Kaa's role as Knowledge becomes clearest of all in “Red Dog.” If “How Fear Came” and “The King's Ankus” are genesis myths, “Red Dog” is closer to being classical epic. Like the Iliad and the Aeneid, it shows the clash of two races, with heroic battles and fierce individual encounters; its rhetoric is formal and poetic, the dialogue decorative and ceremonious; and Kaa the python provides the epic “machinery.” Mowgli plays the role of the crafty Odysseus who defeats the enemy by employing a stratagem; and Kaa instructs him on the means to destroy the Red Dog as Athena prompted Odysseus's scheme of the Trojan horse.8 Mowgli, who has developed in humility since the days of “Kaa's Hunting,” comes explicitly to seek Kaa's advice. “I am not wise nor strong. Hast thou a better plan, Kaa?” (II, “RD” [“Red Dog”], 233). (In the same way the epic poet of Paradise Lost addresses his muse, the Holy Spirit: “Instruct me, for Thou know'st” [I, 19].) Kaa, thus consulted, settles down to remembrance of things past, recalling all that has happened in the two hundred years since he hatched from the egg; and comes up with a plan that will be a deliberate reenactment of an accidental occurrence of the past: “What will be is no more than a forgotten year striking backward,” he says (233). When Kaa has unfolded his plan, Mowgli makes his tribute: “Kaa, thou art, indeed, the wisest of all the Jungle” (238).

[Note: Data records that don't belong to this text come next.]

Lemma cnbhdS (A B : {set T}) : A \subset B -> cnbhd e A \subset cnbhd e B.
Proof.
move=> /subsetP sAB; apply/subsetP => w /cnbhdP[/sAB wB | [a /sAB aB ewa]].
  exact: (subsetP (cnbhd_sup B)).
exact: cnbhd_adj aB ewa.
Qed.

Section PendantMatching.
Variable m : T -> T.
Hypothesis mE : forall v, e v (m v).
Hypothesis mK : involutive m.

Definition leaf v := [forall u, e v u ==> (u == m v)].

Lemma leaf_nbr v u : leaf v -> e v u -> u = m v.
Proof. by move/forallP/(_ u)/implyP => nbr /nbr /eqP. Qed.

Lemma stable_matching_cover (I : {set T}) v :
  stable e I -> #|T| = 2 * #|I| -> (v \in I) || (m v \in I).
Proof.
move=> stI cardT.
have disj : [disjoint I & m @: I].
  apply/pred0P => z /=; apply/andP => -[zI /imsetP[w wI zE]].
  by have := mE w; rewrite -zE (stable_adjF stI wI zI).
have cover : [set: T] \subset I :|: m @: I.
  rewrite subTset eqEcard subsetT cardsT cardT mul2n -addnn.
  rewrite -[X in _ + X](card_imset I (inv_inj mK)) -cardsUI.
  by rewrite (disjoint_setI0 disj) cards0 addn0 leqnn.
case/setUP: (subsetP cover v (in_setT v)) => [-> // | /imsetP[w wI ->]].
by rewrite mK wI orbT.
Qed.

(* Otherwise [v] and [m v] have neighbours [x] and [y] off the edge; girth 5
   makes [[set x; y]] stable, and a maximal stable set through [x] and [y],
   of size |T|/2, would miss the matching edge {v, m v}. *)
Lemma matching_leaf_end (a : nat) v :
  well_covered_in [set: T] a -> #|T| = 2 * a -> leaf v || leaf (m v).
Proof.
move=> wcT cardT; have [no_C3 no_C4] := girth.
apply: contraT => /norP[/forallPn[x] + /forallPn[y]].
rewrite !negb_imply mK => /andP[evx xmv] /andP[emvy yv].
have emvv : e (m v) v by rewrite sym_e.
have xy : x != y.
  apply: contraTneq emvy => <-; apply/negP => emvx.
  by case: (no_C3 v x (m v)); do !split; rewrite // sym_e.
have nexy : ~~ e x y.
  apply/negP => exy; have vy : v != y by rewrite eq_sym.
  by case: (no_C4 v x y (m v) vy xmv); do !split; rewrite // sym_e.
have [I sxyI maxI] : exists2 I : {set T},
    [set x; y] \subset I & maximal_stable_in [set: T] I.
  apply: maximal_stable_in_exists; rewrite ?subsetT //.
  by apply: stableU1 (stable1 _) _ => z; rewrite inE => /eqP ->.
have /maximal_stable_inP[_ stI _] := maxI.
have [xI yI] : x \in I /\ y \in I by rewrite !(subsetP sxyI) ?inE ?eqxx ?orbT.
have cardTI : #|T| = 2 * #|I| by rewrite (wcT _ maxI).
case/orP: (stable_matching_cover v stI cardTI) => [vI | mvI].
  by rewrite (stable_adjF stI vI xI) in evx.
by rewrite (stable_adjF stI mvI yI) in emvy.
Qed.

Hypothesis leaf_end : forall v, leaf v || leaf (m v).

Definition matching_closed (A : {set T}) : Prop :=
  stable e A /\ {in cnbhd e A, forall x, m x \in cnbhd e A}.

Lemma partner_in_matching_closed (X : {set T}) w a :
  matching_closed X -> w \notin X -> a \in X -> e w a -> m w \in X.
Proof.
move=> [_ clX] wX aX ewa.
have /cnbhdP[// | [b bX emwb]] := clX w (cnbhd_adj aX ewa).
case/orP: (leaf_end w) => [lw | lmw]; first by rewrite -(leaf_nbr lw ewa).
by have := leaf_nbr lmw emwb; rewrite mK => bw; rewrite -bw bX in wX.
Qed.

As Mowgli goes about enacting the scheme, we see him at the height of his development, and bringing to bear a lifetime of training among the animals and observation among men. The stratagem of luring the Red Dog among the bees and himself escaping to fight the survivors downriver calls on all his varied powers:
“Mowgli the Frog I have been,” said he to himself; “Mowgli the Wolf have I said that I am. Now Mowgli the Ape must I be before I am Mowgli the Buck. At the end I shall be Mowgli the Man.”
[241–42]
As he has learned to add Kaa's wisdom to Baloo's power and Bagheera's passion, so he has confirmed his mastery as man, the animal who is fully adaptable.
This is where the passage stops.